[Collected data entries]
· · · · · · ·

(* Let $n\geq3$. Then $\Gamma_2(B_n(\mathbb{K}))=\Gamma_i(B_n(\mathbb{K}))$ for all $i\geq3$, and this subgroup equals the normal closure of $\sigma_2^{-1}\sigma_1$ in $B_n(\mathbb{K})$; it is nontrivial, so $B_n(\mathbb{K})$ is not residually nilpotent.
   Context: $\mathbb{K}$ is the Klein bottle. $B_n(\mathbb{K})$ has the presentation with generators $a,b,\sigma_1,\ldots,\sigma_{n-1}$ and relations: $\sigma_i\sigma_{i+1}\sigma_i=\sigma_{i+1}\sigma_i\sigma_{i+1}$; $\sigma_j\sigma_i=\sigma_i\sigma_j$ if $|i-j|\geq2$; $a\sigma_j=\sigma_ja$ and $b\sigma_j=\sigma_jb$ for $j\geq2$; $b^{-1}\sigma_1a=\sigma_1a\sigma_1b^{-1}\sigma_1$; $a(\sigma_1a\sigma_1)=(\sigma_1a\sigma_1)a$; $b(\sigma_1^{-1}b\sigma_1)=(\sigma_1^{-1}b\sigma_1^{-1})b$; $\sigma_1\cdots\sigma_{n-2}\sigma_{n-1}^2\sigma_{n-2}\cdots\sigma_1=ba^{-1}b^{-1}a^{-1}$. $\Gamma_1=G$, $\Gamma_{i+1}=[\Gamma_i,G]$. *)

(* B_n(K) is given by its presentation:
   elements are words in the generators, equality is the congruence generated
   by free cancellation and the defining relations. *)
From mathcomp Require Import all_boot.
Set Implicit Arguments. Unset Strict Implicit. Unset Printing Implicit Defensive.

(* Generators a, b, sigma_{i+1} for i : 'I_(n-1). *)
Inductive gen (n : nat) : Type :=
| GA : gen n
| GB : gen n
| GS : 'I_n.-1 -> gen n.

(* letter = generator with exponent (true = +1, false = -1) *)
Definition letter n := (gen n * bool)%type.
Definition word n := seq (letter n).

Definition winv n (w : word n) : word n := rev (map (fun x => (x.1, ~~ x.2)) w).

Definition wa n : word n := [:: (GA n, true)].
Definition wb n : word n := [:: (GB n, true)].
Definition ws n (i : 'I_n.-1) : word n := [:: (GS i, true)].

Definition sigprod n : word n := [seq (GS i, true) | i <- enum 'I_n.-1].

· · · · · · ·

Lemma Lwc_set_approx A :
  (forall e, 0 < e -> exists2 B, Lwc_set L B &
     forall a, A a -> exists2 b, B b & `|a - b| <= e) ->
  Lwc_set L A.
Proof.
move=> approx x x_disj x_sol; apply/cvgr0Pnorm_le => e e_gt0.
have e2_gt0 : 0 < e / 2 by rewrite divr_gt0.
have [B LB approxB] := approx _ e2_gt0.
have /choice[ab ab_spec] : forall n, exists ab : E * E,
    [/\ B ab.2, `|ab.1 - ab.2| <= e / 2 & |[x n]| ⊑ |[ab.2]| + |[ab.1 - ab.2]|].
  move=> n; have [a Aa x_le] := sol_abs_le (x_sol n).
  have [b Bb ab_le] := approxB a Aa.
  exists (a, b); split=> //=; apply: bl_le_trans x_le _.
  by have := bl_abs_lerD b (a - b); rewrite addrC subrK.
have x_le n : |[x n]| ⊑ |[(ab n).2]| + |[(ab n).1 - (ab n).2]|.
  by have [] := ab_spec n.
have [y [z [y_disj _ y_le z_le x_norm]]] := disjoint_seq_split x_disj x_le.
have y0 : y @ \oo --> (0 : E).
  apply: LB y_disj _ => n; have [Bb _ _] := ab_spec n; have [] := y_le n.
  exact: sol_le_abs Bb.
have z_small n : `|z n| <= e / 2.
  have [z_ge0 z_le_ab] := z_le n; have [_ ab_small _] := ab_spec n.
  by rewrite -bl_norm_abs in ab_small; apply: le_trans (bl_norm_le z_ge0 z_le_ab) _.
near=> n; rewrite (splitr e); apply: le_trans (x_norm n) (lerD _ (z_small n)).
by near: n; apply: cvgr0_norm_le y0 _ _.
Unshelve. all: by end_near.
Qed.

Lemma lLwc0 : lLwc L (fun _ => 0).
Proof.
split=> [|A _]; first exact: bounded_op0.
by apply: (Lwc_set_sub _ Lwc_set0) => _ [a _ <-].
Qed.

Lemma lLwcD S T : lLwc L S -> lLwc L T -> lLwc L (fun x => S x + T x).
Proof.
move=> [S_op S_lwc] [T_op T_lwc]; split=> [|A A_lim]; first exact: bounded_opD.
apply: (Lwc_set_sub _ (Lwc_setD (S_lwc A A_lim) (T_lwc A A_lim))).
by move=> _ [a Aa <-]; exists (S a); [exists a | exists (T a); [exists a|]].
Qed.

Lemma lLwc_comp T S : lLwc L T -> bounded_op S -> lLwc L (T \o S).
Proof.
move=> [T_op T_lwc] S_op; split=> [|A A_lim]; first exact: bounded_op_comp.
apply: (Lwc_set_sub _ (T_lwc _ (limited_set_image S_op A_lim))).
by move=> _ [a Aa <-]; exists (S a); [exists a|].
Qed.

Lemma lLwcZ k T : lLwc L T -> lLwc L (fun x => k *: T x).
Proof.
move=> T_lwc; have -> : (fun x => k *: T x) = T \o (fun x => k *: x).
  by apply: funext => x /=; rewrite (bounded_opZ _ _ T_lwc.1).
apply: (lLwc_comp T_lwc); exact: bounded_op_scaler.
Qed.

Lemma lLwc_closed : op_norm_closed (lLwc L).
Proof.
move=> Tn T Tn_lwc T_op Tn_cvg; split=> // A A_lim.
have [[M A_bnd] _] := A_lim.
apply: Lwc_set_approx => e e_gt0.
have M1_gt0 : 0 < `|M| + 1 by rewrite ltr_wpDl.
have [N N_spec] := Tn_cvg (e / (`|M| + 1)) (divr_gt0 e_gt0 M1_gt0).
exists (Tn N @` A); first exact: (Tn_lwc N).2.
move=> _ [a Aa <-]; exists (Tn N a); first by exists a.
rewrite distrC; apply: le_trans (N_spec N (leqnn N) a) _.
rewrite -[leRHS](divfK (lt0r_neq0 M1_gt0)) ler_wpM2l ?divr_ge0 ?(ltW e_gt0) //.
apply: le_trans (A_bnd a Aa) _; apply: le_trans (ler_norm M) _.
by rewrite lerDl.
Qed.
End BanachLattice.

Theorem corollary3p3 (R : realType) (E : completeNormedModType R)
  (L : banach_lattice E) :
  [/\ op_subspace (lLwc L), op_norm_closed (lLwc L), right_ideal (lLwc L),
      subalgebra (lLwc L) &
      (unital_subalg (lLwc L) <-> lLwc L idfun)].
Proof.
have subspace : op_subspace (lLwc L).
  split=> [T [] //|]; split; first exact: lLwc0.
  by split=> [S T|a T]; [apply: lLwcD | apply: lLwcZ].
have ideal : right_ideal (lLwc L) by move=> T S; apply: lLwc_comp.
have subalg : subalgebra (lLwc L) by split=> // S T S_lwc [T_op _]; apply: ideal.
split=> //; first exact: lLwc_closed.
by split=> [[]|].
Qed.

· · · · · · ·

Look through the data above and return exactly the lines from the one that contains "Definition wb n" to the one that contains "Definition sigprod n", inclusive, with nothing else.

Definition wb n : word n := [:: (GB n, true)].
Definition ws n (i : 'I_n.-1) : word n := [:: (GS i, true)].

Definition sigprod n : word n := [seq (GS i, true) | i <- enum 'I_n.-1].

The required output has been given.